The question now is not whether Indigenous teachings belong in courtrooms. The evidence shows they always have. The question is who will have the courage to stop calling them “alternative” and start recognizing them as law.

For Our Indigenous Readers

This story not only belongs to Raye, it belongs to many of our people. It’s a map. To every Indigenous Youth facing the system, your truth is sacred. Your voice is power. And sometimes, with the right Helpers beside you, the law can learn to listen.


Client Service Summary

Stakes: One count of robbery (while considered a Youth). After turning 18, a subsequent charge of breaching conditions meant that both charges could appear on client’s adult criminal record.

IJC Approach: After a Legal Aid BC lawyer told the client to plead guilty, the client chose to pursue IJC representation. The IJC lawyer listened and instead recommended that they plead not guilty and tell their story in court.

Legal Approach: Diligent legal work was required to defend the client. Meticulous review of video footage and careful analysis of witness statements was needed to prove the client was not guilty.

Cultural Support: The IJC Resource and Support Worker brought medicines and arranged for the client to partake in ceremonial smudging in the courthouse before the testimony.
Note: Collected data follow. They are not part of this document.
(* An arc in A from x to y: a continuous injective map [0,1] -> A with
   f 0 = x, f 1 = y (continuous injective on the compact [0,1] into the
   Hausdorff R^3 is the same as a topological embedding). *)
Definition is_arc_in (A : R3 -> Prop) (x y : R3) (f : R -> R3) : Prop :=
  continuous_on_unit f /\
  (forall s t, 0 <= s <= 1 -> 0 <= t <= 1 -> f s = f t -> s = t) /\
  (forall t, 0 <= t <= 1 -> A (f t)) /\
  f 0 = x /\ f 1 = y.

Definition arcwise_connected (A : R3 -> Prop) : Prop :=
  forall x y, A x -> A y -> x <> y -> exists f, is_arc_in A x y f.

Definition dense3 (A : R3 -> Prop) : Prop :=
  forall p r, r > 0 -> exists q, A q /\ dist3 p q < r.

(** Let [scramble : R -> R] send an odd multiple of [2^-n] to the [n]-th term
    of an enumeration of the rationals in which every rational recurs
    infinitely often; then on every interval [scramble] comes arbitrarily close
    to every real value.  Put [g x y = sin (PI x) * scramble y]; the pieces are
    the level sets [z - g x y = i], [i : R].  Since [sin (PI x)] can be chosen
    nonzero and [scramble y] arbitrary, the graph of [g] is dense, hence so is
    every level set.  For fixed [y] a level set contains the graph of the continuous
    function [x |-> i + g x y], and on the integer lines [x = c] it is the flat
    line [z = i]: two points are joined by running along [x] to such a line,
    then along [y], then back along [x]. *)

From Stdlib Require Import Reals Lra Lia ZArith ClassicalEpsilon Cantor.
Open Scope R_scope.
(* Let $g,h>\tfrac12$, let $M_{\mathrm{I}},M_{\mathrm{II}}\in\mathbb{Z}_{\ge0}$, $M=M_{\mathrm{I}}+M_{\mathrm{II}}$, let $\mathcal{D}=((d_1,t_1),\ldots,(d_M,t_M))$ be an ordered list of pairwise distinct seed labels as described in the context, containing exactly $M_{\mathrm{I}}$ labels of Type I and $M_{\mathrm{II}}$ labels of Type II, and let $n\in\mathbb{Z}_{\ge0}$. For $N\in\{M,M+1\}$, $j=1,\ldots,N$ and $-1<\eta<1$ define $$X^{(N)}_{(\mathrm{v},\mathrm{I}),j}(\eta)=\frac{(-1)^{j-1}}{2^{j-1}}\big(h-\tfrac12-\mathrm{v}\big)_{j-1}\Big(\frac{1+\eta}{2}\Big)^{N-j}P^{(g+j-\frac32,\,\frac32-h-j)}_{\mathrm{v}}(\eta),$$ $$X^{(N)}_{(\mathrm{v},\mathrm{II}),j}(\eta)=\frac{1}{2^{j-1}}\big(g-\tfrac12-\mathrm{v}\big)_{j-1}\Big(\frac{1-\eta}{2}\Big)^{N-j}P^{(\frac32-g-j,\,h+j-\frac32)}_{\mathrm{v}}(\eta),$$ $$Z^{(N)}_{n,j}(\eta)=\frac{1}{2^{j-1}}(n+g+h)_{j-1}P^{(g+j-\frac32,\,h+j-\frac32)}_{n+1-j}(\eta),$$ and let $\vec X^{(N)}_{(\mathrm{v},t)}$, $\vec Z^{(N)}_n$ denote the corresponding column vectors $(\cdot)_{j=1}^N$. Then for $-1<\eta<1$, with $A(\eta)=\big(\frac{1+\eta}{2}\big)^{-M_{\mathrm{I}}(M_{\mathrm{I}}-1)}\big(\frac{1-\eta}{2}\big)^{-M_{\mathrm{II}}(M_{\mathrm{II}}-1)}$, $$\Xi_{\mathcal{D}}(\eta)=A(\eta)\det\big(\vec X^{(M)}_{(d_1,t_1)}(\eta)\ \cdots\ \vec X^{(M)}_{(d_M,t_M)}(\eta)\big),$$ $$P_{\mathcal{D},n}(\eta)=A(\eta)\det\big(\vec X^{(M+1)}_{(d_1,t_1)}(\eta)\ \cdots\ \vec X^{(M+1)}_{(d_M,t_M)}(\eta)\ \vec Z^{(M+1)}_n(\eta)\big).$$
   Context: $(a)_k=a(a+1)\cdots(a+k-1)$, $(a)_0=1$. For real $\alpha,\beta$ and $m\in\mathbb{Z}_{\ge0}$ the Jacobi polynomial is $P^{(\alpha,\beta)}_m(\eta)=\frac{1}{m!}\sum_{k=0}^m\frac{(-m)_k(m+\alpha+\beta+1)_k(\alpha+k+1)_{m-k}}{k!}\big(\frac{1-\eta}{2}\big)^k$ (equal to $\frac{(\alpha+1)_m}{m!}\sum_{k}\frac{(-m)_k(m+\alpha+\beta+1)_k}{k!(\alpha+1)_k}(\frac{1-\eta}{2})^k$ when defined), and $P^{(\alpha,\beta)}_m\equiv0$ for $m<0$. For $a\in\mathbb{R}$, $[a]'$ denotes the greatest integer strictly less than $a$. Fix $g,h>\frac12$. A seed label is a pair $(\mathrm{v},t)$, $t\in\{\mathrm{I},\mathrm{II}\}$, with $\mathrm{v}\in\{0,1,\ldots,[h-\frac12]'\}$ if $t=\mathrm{I}$ and $\mathrm{v}\in\{0,1,\ldots,[g-\frac12]'\}$ if $t=\mathrm{II}$. For $-1<\eta<1$ define $\mu_{(\mathrm{v},\mathrm{I})}(\eta)=\big(\frac{1+\eta}{2}\big)^{\frac12-h}P^{(g-\frac12,\frac12-h)}_{\mathrm{v}}(\eta)$, $\mu_{(\mathrm{v},\mathrm{II})}(\eta)=\big(\frac{1-\eta}{2}\big)^{\frac12-g}P^{(\frac12-g,h-\frac12)}_{\mathrm{v}}(\eta)$, and $P_n(\eta)=P^{(g-\frac12,h-\frac12)}_n(\eta)$. The Wronskian with respect to $\eta$ is $\mathrm{W}[f_1,\ldots,f_m](\eta)=\det\big(\frac{d^{j-1}f_k}{d\eta^{j-1}}\big)_{1\le j,k\le m}$. For an ordered list $\mathcal{D}=((d_1,t_1),\ldots,(d_M,t_M))$ of seed labels with $M_{\mathrm{I}}$ of Type I and $M_{\mathrm{II}}$ of Type II, the denominator polynomial and multi-indexed Jacobi polynomials are $\Xi_{\mathcal{D}}(\eta)=\mathrm{W}[\mu_{(d_1,t_1)},\ldots,\mu_{(d_M,t_M)}](\eta)\big(\frac{1-\eta}{2}\big)^{(M_{\mathrm{I}}+g-\frac12)M_{\mathrm{II}}}\big(\frac{1+\eta}{2}\big)^{(M_{\mathrm{II}}+h-\frac12)M_{\mathrm{I}}}$ and $P_{\mathcal{D},n}(\eta)=\mathrm{W}[\mu_{(d_1,t_1)},\ldots,\mu_{(d_M,t_M)},P_n](\eta)\big(\frac{1-\eta}{2}\big)^{(M_{\mathrm{I}}+g+\frac12)M_{\mathrm{II}}}\big(\frac{1+\eta}{2}\big)^{(M_{\mathrm{II}}+h+\frac12)M_{\mathrm{I}}}$. *)

From HB Require Import structures.
From mathcomp Require Import all_boot all_order all_algebra.
From mathcomp Require Import all_classical all_reals.
From mathcomp Require Import topology normedtype derive exp.
Set Implicit Arguments. Unset Strict Implicit. Unset Printing Implicit Defensive.
Import Order.TTheory GRing.Theory Num.Theory.
Local Open Scope ring_scope.

Section Defs.
Variable R : realType.

Definition poch (a : R) (k : nat) : R := \prod_(i < k) (a + i%:R).

(* Jacobi polynomial P^{(al,be)}_m(x), m : nat, via the first (always defined) formula *)
Definition jacobiP (al be : R) (m : nat) (x : R) : R :=
  (m`!%:R)^-1 * \sum_(k < m.+1)
    (poch (- m%:R) k * poch (m%:R + al + be + 1) k
       * poch (al + k%:R + 1) (m - k) / (k`!%:R)) * ((1 - x) / 2) ^+ k.

Definition jacobiPz (al be : R) (m : int) (x : R) : R :=
  match m with Posz k => jacobiP al be k x | Negz _ => 0 end.

Inductive stype := TI | TII.

Definition seed_ok (g h : R) (v : nat) (t : stype) : Prop :=
  match t with TI => v%:R < h - 1/2 | TII => v%:R < g - 1/2 end.

Definition mu (g h : R) (v : nat) (t : stype) (x : R) : R :=
  match t with
  | TI => ((1 + x) / 2) `^ (1/2 - h) * jacobiP (g - 1/2) (1/2 - h) v x
  | TII => ((1 - x) / 2) `^ (1/2 - g) * jacobiP (1/2 - g) (h - 1/2) v x
  end.

Definition Pn (g h : R) (n : nat) (x : R) : R := jacobiP (g - 1/2) (h - 1/2) n x.

Definition wronskian (m : nat) (f : 'I_m -> R -> R) (x : R) : R :=
  \det (\matrix_(j < m, k < m) @derive1n R R^o j (f k) x).

Definition countI (M : nat) (t : 'I_M -> stype) : nat :=
  (\sum_(i < M) (if t i is TI then 1 else 0))%N.
Definition countII (M : nat) (t : 'I_M -> stype) : nat :=
  (\sum_(i < M) (if t i is TII then 1 else 0))%N.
Preparation: The IJC Staff Lawyer spent many hours mentoring and coaching the client to speak their truth confidently; to overcome their fear and testify with a strong voice.

Outcome: The judge found the client Not Guilty. The client’s Youth record was protected, and no charges will appear on the client’s adult record.

Success: Client will be employable, not be held down with a record, and have a chance to thrive.